>>>>>

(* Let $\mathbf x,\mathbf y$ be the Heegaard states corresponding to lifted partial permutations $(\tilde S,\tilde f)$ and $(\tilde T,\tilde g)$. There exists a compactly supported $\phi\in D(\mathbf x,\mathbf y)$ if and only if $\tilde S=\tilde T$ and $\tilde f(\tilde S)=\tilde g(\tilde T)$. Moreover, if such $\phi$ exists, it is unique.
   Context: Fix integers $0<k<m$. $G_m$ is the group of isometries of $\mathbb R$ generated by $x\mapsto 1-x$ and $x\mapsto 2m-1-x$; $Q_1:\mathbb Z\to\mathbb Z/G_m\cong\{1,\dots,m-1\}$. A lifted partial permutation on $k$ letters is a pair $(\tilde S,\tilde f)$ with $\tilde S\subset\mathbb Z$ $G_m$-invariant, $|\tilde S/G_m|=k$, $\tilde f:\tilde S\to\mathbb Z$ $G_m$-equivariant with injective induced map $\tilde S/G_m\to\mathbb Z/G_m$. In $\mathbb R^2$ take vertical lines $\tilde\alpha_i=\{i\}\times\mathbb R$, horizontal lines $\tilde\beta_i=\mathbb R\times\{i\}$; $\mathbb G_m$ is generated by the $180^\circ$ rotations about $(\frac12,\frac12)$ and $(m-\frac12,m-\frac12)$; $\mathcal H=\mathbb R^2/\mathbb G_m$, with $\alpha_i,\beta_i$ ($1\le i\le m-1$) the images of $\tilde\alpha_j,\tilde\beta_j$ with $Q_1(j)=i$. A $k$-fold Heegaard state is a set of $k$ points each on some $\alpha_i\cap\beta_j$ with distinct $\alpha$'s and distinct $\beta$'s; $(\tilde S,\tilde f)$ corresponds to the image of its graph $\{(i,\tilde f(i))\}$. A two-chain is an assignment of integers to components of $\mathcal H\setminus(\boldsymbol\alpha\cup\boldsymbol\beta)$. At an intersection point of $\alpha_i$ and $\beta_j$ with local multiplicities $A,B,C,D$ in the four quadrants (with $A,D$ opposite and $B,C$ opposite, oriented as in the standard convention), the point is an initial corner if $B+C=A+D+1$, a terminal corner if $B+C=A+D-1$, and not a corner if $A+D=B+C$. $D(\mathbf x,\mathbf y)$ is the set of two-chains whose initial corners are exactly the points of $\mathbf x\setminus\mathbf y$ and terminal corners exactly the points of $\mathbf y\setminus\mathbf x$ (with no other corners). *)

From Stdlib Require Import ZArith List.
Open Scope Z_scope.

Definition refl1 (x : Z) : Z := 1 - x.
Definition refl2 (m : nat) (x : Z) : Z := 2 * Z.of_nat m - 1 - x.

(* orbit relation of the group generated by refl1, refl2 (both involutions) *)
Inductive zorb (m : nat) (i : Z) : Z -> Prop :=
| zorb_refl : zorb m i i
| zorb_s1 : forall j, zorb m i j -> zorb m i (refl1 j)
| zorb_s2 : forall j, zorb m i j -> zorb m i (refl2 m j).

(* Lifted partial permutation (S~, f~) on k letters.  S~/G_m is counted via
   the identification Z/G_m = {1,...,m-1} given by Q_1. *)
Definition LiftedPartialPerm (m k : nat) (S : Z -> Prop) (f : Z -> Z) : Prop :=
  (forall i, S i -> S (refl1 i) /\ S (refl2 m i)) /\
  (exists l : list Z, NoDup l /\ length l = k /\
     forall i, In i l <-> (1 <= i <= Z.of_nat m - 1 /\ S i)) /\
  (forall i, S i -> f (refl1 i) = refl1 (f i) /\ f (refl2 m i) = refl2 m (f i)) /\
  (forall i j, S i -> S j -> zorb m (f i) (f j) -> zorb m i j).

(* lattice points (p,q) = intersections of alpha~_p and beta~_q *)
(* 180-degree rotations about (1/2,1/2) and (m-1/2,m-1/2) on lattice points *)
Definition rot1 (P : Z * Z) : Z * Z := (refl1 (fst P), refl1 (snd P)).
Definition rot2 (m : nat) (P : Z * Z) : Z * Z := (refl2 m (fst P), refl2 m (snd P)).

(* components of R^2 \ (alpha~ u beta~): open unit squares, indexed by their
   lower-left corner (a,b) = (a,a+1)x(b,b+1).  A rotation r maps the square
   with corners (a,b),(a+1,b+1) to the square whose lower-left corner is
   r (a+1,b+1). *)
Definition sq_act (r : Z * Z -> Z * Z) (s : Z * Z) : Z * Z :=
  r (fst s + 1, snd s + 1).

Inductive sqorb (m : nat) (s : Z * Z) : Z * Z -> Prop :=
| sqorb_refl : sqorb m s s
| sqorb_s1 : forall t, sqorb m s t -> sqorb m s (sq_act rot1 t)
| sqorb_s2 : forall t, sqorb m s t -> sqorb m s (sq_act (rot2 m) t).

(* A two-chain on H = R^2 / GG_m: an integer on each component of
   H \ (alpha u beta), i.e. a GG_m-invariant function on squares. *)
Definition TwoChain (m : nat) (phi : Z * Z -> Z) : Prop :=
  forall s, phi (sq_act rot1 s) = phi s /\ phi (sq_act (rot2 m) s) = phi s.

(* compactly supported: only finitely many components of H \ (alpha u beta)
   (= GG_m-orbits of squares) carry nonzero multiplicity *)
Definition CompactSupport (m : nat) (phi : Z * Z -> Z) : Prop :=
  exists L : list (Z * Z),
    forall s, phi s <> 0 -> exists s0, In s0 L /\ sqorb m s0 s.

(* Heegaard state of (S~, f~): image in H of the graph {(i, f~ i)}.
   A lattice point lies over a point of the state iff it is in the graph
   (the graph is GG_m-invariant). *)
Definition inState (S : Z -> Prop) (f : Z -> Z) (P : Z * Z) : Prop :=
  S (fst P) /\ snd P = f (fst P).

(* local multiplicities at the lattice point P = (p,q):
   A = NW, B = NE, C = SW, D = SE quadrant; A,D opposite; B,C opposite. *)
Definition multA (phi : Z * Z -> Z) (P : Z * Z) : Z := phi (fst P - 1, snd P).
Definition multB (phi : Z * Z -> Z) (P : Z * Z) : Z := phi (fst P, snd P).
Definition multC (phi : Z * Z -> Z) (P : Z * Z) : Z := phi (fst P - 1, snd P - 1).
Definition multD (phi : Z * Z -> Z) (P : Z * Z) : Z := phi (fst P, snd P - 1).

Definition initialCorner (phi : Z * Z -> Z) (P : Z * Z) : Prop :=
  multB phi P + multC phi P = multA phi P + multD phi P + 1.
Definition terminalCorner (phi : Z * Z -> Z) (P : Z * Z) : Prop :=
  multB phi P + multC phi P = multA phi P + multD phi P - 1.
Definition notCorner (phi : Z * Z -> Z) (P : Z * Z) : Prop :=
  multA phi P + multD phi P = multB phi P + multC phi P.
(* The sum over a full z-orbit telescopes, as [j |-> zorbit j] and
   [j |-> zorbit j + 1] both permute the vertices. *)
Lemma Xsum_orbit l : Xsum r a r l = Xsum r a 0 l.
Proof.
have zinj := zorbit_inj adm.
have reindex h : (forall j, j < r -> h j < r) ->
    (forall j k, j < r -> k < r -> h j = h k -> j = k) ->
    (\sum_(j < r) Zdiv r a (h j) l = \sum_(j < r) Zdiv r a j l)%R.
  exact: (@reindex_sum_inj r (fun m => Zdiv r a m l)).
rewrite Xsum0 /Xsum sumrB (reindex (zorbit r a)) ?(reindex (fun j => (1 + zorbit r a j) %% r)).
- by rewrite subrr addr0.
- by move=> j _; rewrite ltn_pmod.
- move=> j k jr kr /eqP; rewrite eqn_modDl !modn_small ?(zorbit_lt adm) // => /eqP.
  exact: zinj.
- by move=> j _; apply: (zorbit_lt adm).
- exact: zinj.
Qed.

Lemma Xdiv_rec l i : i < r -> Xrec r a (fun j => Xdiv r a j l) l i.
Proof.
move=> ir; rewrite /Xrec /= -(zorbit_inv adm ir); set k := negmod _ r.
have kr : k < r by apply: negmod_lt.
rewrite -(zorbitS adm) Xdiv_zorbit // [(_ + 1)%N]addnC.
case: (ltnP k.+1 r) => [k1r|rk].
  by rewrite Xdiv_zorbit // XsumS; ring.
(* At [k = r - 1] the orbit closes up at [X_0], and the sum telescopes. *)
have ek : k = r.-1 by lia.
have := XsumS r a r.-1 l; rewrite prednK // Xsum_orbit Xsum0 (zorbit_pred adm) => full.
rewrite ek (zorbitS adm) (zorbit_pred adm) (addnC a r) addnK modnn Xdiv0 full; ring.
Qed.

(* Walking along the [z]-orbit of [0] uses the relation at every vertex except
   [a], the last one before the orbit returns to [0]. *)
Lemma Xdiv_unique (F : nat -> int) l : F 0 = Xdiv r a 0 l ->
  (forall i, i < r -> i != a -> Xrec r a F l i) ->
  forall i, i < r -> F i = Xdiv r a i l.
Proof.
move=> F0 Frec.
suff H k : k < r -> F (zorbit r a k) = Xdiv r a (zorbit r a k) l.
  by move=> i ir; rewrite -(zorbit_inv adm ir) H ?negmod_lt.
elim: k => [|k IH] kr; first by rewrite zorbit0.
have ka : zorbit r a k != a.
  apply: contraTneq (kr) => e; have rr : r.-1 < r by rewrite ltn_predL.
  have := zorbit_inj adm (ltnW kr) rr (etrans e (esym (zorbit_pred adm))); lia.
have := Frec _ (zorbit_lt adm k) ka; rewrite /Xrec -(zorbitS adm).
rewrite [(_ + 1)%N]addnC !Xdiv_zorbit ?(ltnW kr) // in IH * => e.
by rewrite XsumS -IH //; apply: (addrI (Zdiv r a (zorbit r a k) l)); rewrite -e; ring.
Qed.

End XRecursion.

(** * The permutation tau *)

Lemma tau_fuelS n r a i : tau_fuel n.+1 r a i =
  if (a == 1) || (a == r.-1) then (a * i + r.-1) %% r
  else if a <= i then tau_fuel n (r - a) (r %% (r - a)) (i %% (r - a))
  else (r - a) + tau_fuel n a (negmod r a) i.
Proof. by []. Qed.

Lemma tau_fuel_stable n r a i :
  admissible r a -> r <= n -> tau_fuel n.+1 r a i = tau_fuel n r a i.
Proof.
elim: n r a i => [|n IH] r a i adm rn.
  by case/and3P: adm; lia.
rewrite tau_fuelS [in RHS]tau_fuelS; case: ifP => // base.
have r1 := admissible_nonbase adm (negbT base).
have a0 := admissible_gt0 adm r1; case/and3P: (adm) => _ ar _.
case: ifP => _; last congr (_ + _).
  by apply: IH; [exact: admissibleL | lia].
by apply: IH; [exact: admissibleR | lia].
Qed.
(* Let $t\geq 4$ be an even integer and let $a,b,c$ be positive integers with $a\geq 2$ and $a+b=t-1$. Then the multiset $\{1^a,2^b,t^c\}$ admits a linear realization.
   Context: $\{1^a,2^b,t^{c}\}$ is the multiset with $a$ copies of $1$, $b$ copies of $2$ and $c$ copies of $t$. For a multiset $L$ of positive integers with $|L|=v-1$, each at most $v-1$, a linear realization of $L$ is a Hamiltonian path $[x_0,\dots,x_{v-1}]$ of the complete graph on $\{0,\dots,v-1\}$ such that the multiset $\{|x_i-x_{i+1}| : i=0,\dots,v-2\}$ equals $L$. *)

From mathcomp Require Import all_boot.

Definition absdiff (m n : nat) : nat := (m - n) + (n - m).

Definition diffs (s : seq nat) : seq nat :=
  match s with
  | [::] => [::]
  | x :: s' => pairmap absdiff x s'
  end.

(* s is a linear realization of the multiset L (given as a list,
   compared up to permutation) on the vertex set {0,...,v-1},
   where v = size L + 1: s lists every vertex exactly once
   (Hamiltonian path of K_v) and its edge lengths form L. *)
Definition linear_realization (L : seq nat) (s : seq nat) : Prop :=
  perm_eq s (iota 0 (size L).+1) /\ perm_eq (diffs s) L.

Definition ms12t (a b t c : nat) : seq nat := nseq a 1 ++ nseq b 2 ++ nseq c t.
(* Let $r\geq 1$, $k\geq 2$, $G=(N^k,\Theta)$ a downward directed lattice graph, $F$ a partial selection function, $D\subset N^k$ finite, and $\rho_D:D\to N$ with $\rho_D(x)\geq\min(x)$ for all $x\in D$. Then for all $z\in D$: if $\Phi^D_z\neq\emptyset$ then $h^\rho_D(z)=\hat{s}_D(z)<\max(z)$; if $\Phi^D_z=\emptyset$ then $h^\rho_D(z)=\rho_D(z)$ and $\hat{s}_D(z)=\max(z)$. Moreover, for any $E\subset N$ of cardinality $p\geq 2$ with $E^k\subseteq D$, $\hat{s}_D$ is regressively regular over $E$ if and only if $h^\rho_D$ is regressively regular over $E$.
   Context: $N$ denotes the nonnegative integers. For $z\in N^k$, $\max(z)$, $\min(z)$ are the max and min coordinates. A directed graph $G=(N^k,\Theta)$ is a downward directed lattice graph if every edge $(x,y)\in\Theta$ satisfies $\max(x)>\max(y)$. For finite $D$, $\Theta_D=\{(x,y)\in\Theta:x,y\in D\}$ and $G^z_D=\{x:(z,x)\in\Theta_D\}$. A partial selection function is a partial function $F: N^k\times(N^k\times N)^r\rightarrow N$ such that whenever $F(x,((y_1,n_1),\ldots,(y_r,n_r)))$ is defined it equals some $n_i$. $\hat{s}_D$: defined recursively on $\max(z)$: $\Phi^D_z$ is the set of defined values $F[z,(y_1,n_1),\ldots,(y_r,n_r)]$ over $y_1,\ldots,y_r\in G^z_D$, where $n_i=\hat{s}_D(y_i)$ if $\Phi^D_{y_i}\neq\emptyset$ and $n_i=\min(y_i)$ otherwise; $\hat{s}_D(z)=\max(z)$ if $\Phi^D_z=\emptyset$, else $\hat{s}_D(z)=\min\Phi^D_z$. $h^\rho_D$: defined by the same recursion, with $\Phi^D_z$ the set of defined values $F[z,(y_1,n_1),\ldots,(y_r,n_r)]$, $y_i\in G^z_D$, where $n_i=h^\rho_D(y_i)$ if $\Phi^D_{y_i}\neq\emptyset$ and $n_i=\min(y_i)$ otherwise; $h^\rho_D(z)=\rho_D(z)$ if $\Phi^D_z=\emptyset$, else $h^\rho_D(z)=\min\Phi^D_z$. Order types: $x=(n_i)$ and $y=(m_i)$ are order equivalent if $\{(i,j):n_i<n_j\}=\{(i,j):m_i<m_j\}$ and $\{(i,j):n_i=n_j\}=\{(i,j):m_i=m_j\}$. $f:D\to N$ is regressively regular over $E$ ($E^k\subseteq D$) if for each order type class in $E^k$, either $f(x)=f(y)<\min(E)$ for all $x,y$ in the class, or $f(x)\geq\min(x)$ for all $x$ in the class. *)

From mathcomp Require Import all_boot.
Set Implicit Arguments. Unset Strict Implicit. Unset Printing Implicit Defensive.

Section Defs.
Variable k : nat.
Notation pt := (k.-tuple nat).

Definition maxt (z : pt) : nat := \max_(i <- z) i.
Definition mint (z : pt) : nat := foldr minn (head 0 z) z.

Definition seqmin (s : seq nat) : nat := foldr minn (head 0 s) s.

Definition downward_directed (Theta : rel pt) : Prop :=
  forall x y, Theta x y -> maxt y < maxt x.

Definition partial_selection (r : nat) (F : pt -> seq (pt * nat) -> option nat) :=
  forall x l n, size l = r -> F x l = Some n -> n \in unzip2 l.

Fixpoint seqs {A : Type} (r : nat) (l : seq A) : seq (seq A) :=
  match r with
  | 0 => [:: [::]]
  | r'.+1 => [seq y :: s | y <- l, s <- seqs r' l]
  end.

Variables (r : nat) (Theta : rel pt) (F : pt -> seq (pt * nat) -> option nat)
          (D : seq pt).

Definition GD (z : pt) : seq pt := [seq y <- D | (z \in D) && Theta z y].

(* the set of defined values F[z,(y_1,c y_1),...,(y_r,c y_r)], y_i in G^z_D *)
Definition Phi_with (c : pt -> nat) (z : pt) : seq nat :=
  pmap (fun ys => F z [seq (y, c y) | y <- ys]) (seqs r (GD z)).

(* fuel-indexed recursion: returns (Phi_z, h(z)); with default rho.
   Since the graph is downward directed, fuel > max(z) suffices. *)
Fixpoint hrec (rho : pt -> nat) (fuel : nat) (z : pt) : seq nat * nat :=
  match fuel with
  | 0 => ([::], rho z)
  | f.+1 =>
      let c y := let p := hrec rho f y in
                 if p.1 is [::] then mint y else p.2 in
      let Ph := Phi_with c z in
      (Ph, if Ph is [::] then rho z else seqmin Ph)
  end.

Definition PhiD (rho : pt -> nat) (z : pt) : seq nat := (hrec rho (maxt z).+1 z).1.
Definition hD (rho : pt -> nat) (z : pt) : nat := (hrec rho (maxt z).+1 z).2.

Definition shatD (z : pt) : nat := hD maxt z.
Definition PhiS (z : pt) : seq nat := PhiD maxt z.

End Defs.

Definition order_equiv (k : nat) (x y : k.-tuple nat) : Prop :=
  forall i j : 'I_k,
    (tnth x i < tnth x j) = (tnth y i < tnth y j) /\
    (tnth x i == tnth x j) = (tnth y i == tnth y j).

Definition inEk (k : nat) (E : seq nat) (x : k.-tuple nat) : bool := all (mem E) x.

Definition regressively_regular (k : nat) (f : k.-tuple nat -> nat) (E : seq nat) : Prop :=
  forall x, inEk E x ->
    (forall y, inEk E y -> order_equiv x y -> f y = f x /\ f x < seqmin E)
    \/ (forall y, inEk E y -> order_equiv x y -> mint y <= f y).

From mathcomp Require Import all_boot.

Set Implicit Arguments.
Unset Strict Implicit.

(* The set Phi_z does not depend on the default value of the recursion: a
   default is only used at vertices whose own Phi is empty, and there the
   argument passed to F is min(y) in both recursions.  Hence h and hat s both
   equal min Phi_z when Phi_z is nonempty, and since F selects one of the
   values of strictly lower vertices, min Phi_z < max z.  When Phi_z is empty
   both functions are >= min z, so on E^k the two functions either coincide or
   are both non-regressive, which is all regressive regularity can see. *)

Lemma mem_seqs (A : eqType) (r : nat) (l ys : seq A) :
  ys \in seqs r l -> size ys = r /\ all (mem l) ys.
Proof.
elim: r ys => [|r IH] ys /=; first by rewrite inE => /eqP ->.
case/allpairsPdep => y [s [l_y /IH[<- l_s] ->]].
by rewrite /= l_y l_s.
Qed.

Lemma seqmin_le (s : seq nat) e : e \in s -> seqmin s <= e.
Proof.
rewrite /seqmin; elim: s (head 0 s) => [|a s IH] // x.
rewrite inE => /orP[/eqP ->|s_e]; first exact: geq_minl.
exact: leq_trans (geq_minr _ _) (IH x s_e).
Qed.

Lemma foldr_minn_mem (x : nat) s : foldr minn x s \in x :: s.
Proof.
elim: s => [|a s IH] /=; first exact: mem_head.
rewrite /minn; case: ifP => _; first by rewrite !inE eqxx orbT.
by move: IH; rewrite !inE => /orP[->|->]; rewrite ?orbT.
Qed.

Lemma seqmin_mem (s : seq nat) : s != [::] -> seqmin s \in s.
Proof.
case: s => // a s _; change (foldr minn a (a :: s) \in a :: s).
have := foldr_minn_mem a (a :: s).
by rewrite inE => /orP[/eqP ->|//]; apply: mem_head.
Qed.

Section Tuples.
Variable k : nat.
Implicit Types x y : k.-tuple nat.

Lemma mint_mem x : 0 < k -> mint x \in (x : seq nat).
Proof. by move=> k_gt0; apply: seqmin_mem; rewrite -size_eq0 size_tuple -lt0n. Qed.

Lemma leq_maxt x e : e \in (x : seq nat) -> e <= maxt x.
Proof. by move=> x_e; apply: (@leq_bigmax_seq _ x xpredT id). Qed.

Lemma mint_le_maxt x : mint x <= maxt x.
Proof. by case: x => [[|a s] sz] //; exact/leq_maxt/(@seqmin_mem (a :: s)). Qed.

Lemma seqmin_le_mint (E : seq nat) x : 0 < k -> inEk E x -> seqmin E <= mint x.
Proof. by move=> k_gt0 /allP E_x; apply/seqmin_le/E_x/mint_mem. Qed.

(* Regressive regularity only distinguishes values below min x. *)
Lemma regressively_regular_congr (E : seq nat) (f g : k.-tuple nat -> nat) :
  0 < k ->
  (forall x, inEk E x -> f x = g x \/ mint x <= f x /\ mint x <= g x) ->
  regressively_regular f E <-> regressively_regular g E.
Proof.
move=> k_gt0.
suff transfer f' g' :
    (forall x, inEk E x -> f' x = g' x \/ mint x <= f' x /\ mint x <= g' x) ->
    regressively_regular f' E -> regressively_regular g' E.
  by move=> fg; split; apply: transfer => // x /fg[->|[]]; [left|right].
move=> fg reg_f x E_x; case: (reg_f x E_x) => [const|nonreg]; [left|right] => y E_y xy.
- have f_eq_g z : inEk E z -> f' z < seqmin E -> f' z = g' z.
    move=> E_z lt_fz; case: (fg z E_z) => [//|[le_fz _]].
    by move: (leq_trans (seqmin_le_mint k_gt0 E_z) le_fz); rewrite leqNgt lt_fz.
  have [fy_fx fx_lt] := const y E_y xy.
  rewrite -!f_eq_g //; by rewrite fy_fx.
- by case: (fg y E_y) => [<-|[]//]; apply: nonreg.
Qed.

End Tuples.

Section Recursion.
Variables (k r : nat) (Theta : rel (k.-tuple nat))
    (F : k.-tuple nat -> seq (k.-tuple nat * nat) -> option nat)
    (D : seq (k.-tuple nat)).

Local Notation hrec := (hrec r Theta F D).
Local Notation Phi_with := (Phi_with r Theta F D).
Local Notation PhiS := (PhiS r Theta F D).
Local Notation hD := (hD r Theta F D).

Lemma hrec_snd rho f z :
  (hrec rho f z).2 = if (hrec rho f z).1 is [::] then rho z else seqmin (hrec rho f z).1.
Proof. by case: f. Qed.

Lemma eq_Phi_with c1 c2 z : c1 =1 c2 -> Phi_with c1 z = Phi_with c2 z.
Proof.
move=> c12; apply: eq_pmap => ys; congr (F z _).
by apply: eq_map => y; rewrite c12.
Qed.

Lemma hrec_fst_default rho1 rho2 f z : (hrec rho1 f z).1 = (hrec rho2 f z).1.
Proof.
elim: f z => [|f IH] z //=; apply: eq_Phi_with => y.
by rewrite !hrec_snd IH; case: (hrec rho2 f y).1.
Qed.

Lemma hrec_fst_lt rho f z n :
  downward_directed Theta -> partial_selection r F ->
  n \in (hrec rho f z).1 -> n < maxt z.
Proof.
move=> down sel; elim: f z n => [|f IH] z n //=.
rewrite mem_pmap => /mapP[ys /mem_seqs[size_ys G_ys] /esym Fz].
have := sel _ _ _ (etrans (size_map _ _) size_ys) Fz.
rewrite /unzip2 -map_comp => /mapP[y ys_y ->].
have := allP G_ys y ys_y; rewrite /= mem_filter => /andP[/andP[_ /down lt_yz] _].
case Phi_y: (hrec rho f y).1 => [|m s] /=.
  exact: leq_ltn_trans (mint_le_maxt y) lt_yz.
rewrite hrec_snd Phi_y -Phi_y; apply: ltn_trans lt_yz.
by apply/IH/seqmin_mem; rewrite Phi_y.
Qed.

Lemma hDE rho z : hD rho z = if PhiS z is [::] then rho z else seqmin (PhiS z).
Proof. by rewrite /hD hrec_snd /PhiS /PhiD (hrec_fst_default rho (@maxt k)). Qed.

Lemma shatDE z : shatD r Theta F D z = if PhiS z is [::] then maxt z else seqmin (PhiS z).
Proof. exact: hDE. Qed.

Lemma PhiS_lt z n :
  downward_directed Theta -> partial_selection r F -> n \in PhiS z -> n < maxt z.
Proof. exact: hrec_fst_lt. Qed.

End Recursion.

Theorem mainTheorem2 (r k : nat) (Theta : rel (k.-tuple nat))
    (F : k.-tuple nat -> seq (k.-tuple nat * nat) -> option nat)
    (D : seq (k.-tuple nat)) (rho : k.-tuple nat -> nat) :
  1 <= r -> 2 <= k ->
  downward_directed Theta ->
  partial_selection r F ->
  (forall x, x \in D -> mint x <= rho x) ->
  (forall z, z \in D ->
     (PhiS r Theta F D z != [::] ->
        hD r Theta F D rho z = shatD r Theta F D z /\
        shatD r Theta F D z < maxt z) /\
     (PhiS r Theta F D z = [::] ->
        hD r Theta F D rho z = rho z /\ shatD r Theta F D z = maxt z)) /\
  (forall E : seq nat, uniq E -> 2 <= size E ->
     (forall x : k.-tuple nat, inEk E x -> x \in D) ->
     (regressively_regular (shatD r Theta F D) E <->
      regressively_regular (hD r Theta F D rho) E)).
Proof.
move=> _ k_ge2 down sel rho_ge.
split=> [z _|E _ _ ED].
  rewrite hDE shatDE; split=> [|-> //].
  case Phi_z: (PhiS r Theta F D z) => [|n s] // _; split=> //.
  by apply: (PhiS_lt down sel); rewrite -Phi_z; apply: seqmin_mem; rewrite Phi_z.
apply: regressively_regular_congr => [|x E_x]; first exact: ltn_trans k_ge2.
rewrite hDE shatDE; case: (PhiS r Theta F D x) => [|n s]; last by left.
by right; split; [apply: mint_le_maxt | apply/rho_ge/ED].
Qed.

<<<<<

_Work instructions:_ Look for the string "Variables" in the records, and copy every line where it is found.

_Written solution:_
Variables (r : nat) (Theta : rel pt) (F : pt -> seq (pt * nat) -> option nat)
Variables (k r : nat) (Theta : rel (k.-tuple nat))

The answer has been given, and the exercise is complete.